Teniamo poi conto che questa è una realtà unica in Valle d'Aosta, perché è l'unica che si occupa degli antichi rimedi. Credo che anche nell'ottica di valorizzazione del patrimonio culturale della nostra regione, un legame con il BREL potrebbe essere una soluzione importante, come - mi permetto di suggerirle - magari anche un legame con l'Institut Agricole che, sotto alcuni punti di vista, potrebbe in qualche modo dare anche un'impronta propulsiva a quel jardin, nato ricordo grazie a Giuseppina Marguerettaz, famosa etnobotanica valdostana, che quindi, secondo me, avrebbe tutte le potenzialità anche per crescere.
Lo diceva lei, per la comunità di Jovençan quella è proprio l'unica e la più importante struttura culturale del paese, a cui tutta una comunità comunque si è dedicata, principalmente con Anna Montrosset che quest'anno, oltretutto, ha visto la premiazione del Prix René Willien, proprio per una delle redazioni dei libri avvenute grazie a quell'associazione culturale.

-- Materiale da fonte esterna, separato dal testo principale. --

(* Let $\mu>0$ and let $g:[0,1]\to\mathbb{R}$ be a function such that $t\mapsto t^{\mu}g(t)$ is integrable on $[0,1]$. For integers $n\ge 0$ define the function $$\varphi_{n}(y)=\int_{0}^{1} t^{\mu}\,U_{n-1}\bigl(y-(1+y)t\bigr)\,g(t)\,\mathrm{d}t ,$$ where $U_k$ denotes the Chebyshev polynomial of the second kind of degree $k$ and $U_{-1}\equiv 0$ (so each $\varphi_n$ is a polynomial in $y$ of degree at most $n-1$). Then for every $n\ge 2$, $$\left((1+y)\frac{\mathrm{d}}{\mathrm{d} y} - n\right)\varphi_{n+1}(y) = \left((1+y)\frac{\mathrm{d}}{\mathrm{d} y} + n\right)\varphi_{n-1}(y) + 2n\,\varphi_n(y).$$
   Context: In the paper, $g=g_j$ is any one of the functions $g_1,\dots,g_r$ appearing in a separable approximation $G(y,t)\approx\sum_{j=1}^r\sigma_j f_j(y)g_j(t)$, and the statement is asserted for all $j$; the statement above is for an arbitrary such function $g$. $U_n$ is the Chebyshev polynomial of the second kind, with the convention $U_{-1}=0$. *)

From HB Require Import structures.
From mathcomp Require Import all_boot all_order all_algebra.
From mathcomp Require Import all_classical all_reals all_analysis.
Set Implicit Arguments. Unset Strict Implicit. Unset Printing Implicit Defensive.
Import Order.TTheory GRing.Theory Num.Theory.
Import numFieldNormedType.Exports.
Local Open Scope classical_set_scope.
Local Open Scope ring_scope.

Fixpoint chebU {R : ringType} (k : nat) (x : R) : R :=
  match k with
  | 0 => 1
  | 1 => 2 * x
  | (k'.+1 as k1).+1 => 2 * x * chebU k1 x - chebU k' x
  end.

Definition chebU_pred {R : ringType} (n : nat) (x : R) : R :=
  match n with 0 => 0 | m.+1 => chebU m x end.

Definition phi {R : realType} (mu : R) (g : R -> R) (n : nat) (y : R) : R :=
  \int[lebesgue_measure]_(t in `[0, 1]%classic)
     (t `^ mu * chebU_pred n (y - (1 + y) * t) * g t).

(** Write U_{m-1}(x) = W_m(x + 1).  Since y - (1 + y) t + 1 = (1 + y) (1 - t),
    expanding W_m in monomials gives
      phi_m(y) = sum_i w_{m,i} M_i (1 + y)^i,  M_i = int_0^1 (1 - t)^i t^mu g(t) dt,
    i.e. phi_m is W_m with its i-th coefficient multiplied by the moment M_i,
    evaluated at 1 + y.  The Euler operator (1 + y) d/dy multiplies (1 + y)^i
    by i, so it commutes with this rescaling of coefficients, and the claim
    reduces to the polynomial identity
      z W'_{n+1} - n W_{n+1} = z W'_{n-1} + n W_{n-1} + 2n W_n.
    This follows from the recurrence W_{n+1} + W_{n-1} = 2 (z - 1) W_n and from
    W'_{n+1} - W'_{n-1} = 2n W_n, which is proved by induction from the
    recurrence. *)

From HB Require Import structures.
From mathcomp Require Import all_boot all_order all_algebra.
From mathcomp Require Import all_classical all_reals all_analysis.
From mathcomp Require Import measurable_realfun ring lra.
Set Implicit Arguments. Unset Strict Implicit. Unset Printing Implicit Defensive.
Import Order.TTheory GRing.Theory Num.Theory.
Import numFieldNormedType.Exports.
Local Open Scope classical_set_scope.
Local Open Scope ring_scope.

Lemma chebU_predSS (R : nzRingType) k (x : R) :
  chebU_pred k.+2 x = 2 * x * chebU_pred k.+1 x - chebU_pred k x.
Proof. by case: k => [|k] //=; rewrite mulr1 subr0. Qed.

Section ShiftedChebyshev.
Variable R : comNzRingType.

Fixpoint chebU_shift (m : nat) : {poly R} :=
  match m with
  | 0 => 0
  | 1 => 1
  | (k.+1 as k1).+1 => ('X - 1) * chebU_shift k1 *+ 2 - chebU_shift k
  end.

Lemma chebU_shiftSS k :
  chebU_shift k.+2 = ('X - 1) * chebU_shift k.+1 *+ 2 - chebU_shift k.
Proof. by []. Qed.

Lemma horner_chebU_shift m x : (chebU_shift m).[x + 1] = chebU_pred m x.
Proof.
elim/ltn_ind: m => -[|[|k]] IH; [by rewrite hornerE | by rewrite hornerE |].
rewrite chebU_shiftSS chebU_predSS -!IH // !hornerE addrK; ring.
Qed.

Lemma deriv_chebU_shiftSS k :
  (chebU_shift k.+2)^`() =
  (chebU_shift k.+1 + ('X - 1) * (chebU_shift k.+1)^`()) *+ 2
  - (chebU_shift k)^`().
Proof. by rewrite chebU_shiftSS derivB derivMn derivM derivXsubC mul1r. Qed.

Lemma deriv_chebU_shift_diff k :
  (chebU_shift k.+2)^`() - (chebU_shift k)^`() = chebU_shift k.+1 *+ (2 * k.+1).
Proof.
elim/ltn_ind: k => -[|[|k]] IH.
- by rewrite deriv_chebU_shiftSS /= derivC deriv0; ring.
- rewrite deriv_chebU_shiftSS (deriv_chebU_shiftSS 0) (chebU_shiftSS 0) /=.
  by rewrite derivC deriv0; ring.
(* The differences themselves satisfy the recurrence, with a source term. *)
have -> : (chebU_shift k.+4)^`() - (chebU_shift k.+2)^`() =
    (chebU_shift k.+3 - chebU_shift k.+1) *+ 2
    + ('X - 1) * ((chebU_shift k.+3)^`() - (chebU_shift k.+1)^`()) *+ 2
    - ((chebU_shift k.+2)^`() - (chebU_shift k)^`()).
  rewrite (deriv_chebU_shiftSS k.+2) (deriv_chebU_shiftSS k); ring.
rewrite IH // IH // (chebU_shiftSS k.+1); ring.
Qed.

Lemma chebU_shift_euler (n : nat) : (0 < n)%N ->
  'X * (chebU_shift n.+1)^`() - chebU_shift n.+1 *+ n =
  'X * (chebU_shift n.-1)^`() + chebU_shift n.-1 *+ n + chebU_shift n *+ (2 * n).
Proof.
case: n => [//|k] _; rewrite succnK.
have -> : 'X * (chebU_shift k.+2)^`() =
    'X * (chebU_shift k)^`() + 'X * ((chebU_shift k.+2)^`() - (chebU_shift k)^`()).
  ring.
rewrite deriv_chebU_shift_diff (chebU_shiftSS k); ring.
Qed.

End ShiftedChebyshev.

Arguments chebU_shift {R}.

Section Hadamard.
Variables (R : nzRingType) (M : nat -> R).

Definition hadamard (p : {poly R}) : {poly R} := \poly_(i < size p) (p`_i * M i).

Lemma coef_hadamard p i : (hadamard p)`_i = p`_i * M i.
Proof.
rewrite coef_poly; case: ltnP => // /(nth_default 0) ->.
by rewrite mul0r.
Qed.

Lemma hadamard_is_zmod_morphism : zmod_morphism hadamard.
Proof.
by move=> p q; apply/polyP => i; rewrite coefB !coef_hadamard coefB mulrBl.
Qed.

HB.instance Definition _ :=
  GRing.isZmodMorphism.Build {poly R} {poly R} hadamard hadamard_is_zmod_morphism.

Lemma hadamard_euler p : hadamard ('X * p^`()) = 'X * (hadamard p)^`().
Proof.
apply/polyP => -[|i]; rewrite coef_hadamard !coefXM ?mul0r //.
by rewrite !coef_deriv coef_hadamard mulrnAl.
Qed.

End Hadamard.

Lemma Rintegral_sum d (T : measurableType d) (R : realType)
    (mu : {measure set T -> \bar R}) (D : set T) (I : Type) (s : seq I)
    (F : I -> T -> R) :
  measurable D -> (forall i, mu.-integrable D (EFin \o F i)) ->
  \int[mu]_(x in D) (\sum_(i <- s) F i x) = \sum_(i <- s) \int[mu]_(x in D) F i x.
Proof.
move=> mD intF; elim: s => [|i s IH].
  under eq_Rintegral do rewrite big_nil.
  by rewrite big_nil Rintegral_cst // mul0r.
have int_sum : mu.-integrable D (EFin \o fun x => \sum_(j <- s) F j x).
  apply: (eq_integrable mD _ _ _ (integrable_sum mD s (fun j _ => intF j))).
  by move=> x _; rewrite /= sumEFin.
under eq_Rintegral do rewrite big_cons.
by rewrite RintegralD // IH big_cons.
Qed.

Section Moments.
Variables (R : realType) (f : R -> R).
Let I01 : set R := `[0, 1].
Let mI01 : measurable I01. Proof. exact: measurable_itv. Qed.
Hypothesis f_int : lebesgue_measure.-integrable I01 (EFin \o f).

Lemma integrable_onemXnM i :
  lebesgue_measure.-integrable I01 (EFin \o fun t => (1 - t) ^+ i * f t).
Proof.
apply: (eq_integrable (mu := lebesgue_measure) mI01
  (fun t => ((1 - t) ^+ i)%:E * (f t)%:E)%E).
  by move=> t _; rewrite /= EFinM.
apply: integrableMr => //; first exact/measurable_funX/measurable_funB.
exists 1; split; first exact: num_real.
move=> r r_gt1 t; rewrite /I01 /= in_itv /= => /andP[t_ge0 t_le1].
apply: le_trans (ltW r_gt1); rewrite normrX exprn_ile1 //.
by rewrite ger0_norm; lra.
Qed.

Definition moment i := \int[lebesgue_measure]_(t in I01) ((1 - t) ^+ i * f t).

Lemma Rintegral_horner_onem (p : {poly R}) c :
  \int[lebesgue_measure]_(t in I01) (p.[c * (1 - t)] * f t) =
  (hadamard moment p).[c].
Proof.
have int_term i : lebesgue_measure.-integrable I01
    (EFin \o fun t => p`_i * c ^+ i * ((1 - t) ^+ i * f t)).
  apply: (eq_integrable (mu := lebesgue_measure) mI01
    (fun t => (p`_i * c ^+ i)%:E * ((1 - t) ^+ i * f t)%:E)%E).
    by move=> t _; rewrite /= EFinM.
  exact: integrableZl (integrable_onemXnM i).
transitivity (\int[lebesgue_measure]_(t in I01)
    \sum_(i < size p) p`_i * c ^+ i * ((1 - t) ^+ i * f t)).
  apply: eq_Rintegral => t _; rewrite horner_coef mulr_suml.
  by apply: eq_bigr => i _; rewrite exprMn; ring.
rewrite Rintegral_sum // (horner_coef_wide _ (size_poly _ _)).
apply: eq_bigr => i _.
by rewrite RintegralZl // ?integrable_onemXnM // coef_hadamard mulrAC.
Qed.

End Moments.

Lemma phi_hadamard (R : realType) (mu : R) (g : R -> R) m :
  lebesgue_measure.-integrable `[0, 1]%classic (fun t : R => (t `^ mu * g t)%:E) ->
  phi mu g m =
  fun y => (hadamard (moment (fun t => t `^ mu * g t)) (chebU_shift m)).[1 + y].
Proof.
move=> int_g; apply/funext => y; rewrite -Rintegral_horner_onem //.
apply: eq_Rintegral => t _; rewrite -horner_chebU_shift.
by rewrite (_ : _ + 1 = (1 + y) * (1 - t)); ring.
Qed.

Lemma euler_horner_addl (R : realType) (p : {poly R}) (a y : R) :
  (a + y) * derive1 (fun x => p.[a + x]) y = ('X * p^`()).[a + y].
Proof.
have -> : (fun x => p.[a + x]) = horner (p \Po (a%:P + 'X)).
  by apply/funext => x; rewrite horner_comp !hornerE.
rewrite -derivE deriv_comp derivD derivC derivX add0r mulr1.
by rewrite horner_comp !hornerE.
Qed.

Theorem theorem2p2 (R : realType) (mu : R) (g : R -> R) (hmu : 0 < mu)
  (hint : lebesgue_measure.-integrable `[0, 1]%classic
            (fun t : R => (t `^ mu * g t)%:E))
  (n : nat) (hn : (2 <= n)%N) (y : R) :
  (1 + y) * derive1 (phi mu g n.+1) y - n%:R * phi mu g n.+1 y =
  (1 + y) * derive1 (phi mu g n.-1) y + n%:R * phi mu g n.-1 y
  + 2 * n%:R * phi mu g n y.
Proof.
rewrite !(phi_hadamard _ hint) !euler_horner_addl -!hadamard_euler.
rewrite -natrM !mulr_natl -!hornerMn -!(hornerD, hornerN).
by rewrite -!(raddfMn, raddfD, raddfN) chebU_shift_euler // ltnW.
Qed.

Naturalmente seguirò con attenzione quanto avviene. Le suggerirei anche, perché è un altro mondo che si apre all'interno della scuola: vi sono spesso degli insegnanti che non possono più svolgere il loro ruolo di insegnanti per questioni fisiche o altro, che molto probabilmente, anziché essere messi nelle segreterie dove a livello amministrativo sanno fare poco o nulla, molto probabilmente a livello pedagogico e didattico invece potrebbero in qualche modo aiutare queste associazioni. Sotto questo punto di vista c'è anche la mia disponibilità, lavorando in quel mondo, ad aiutare - se è possibile - e far crescere quello che è il patrimonio culturale della nostra regione.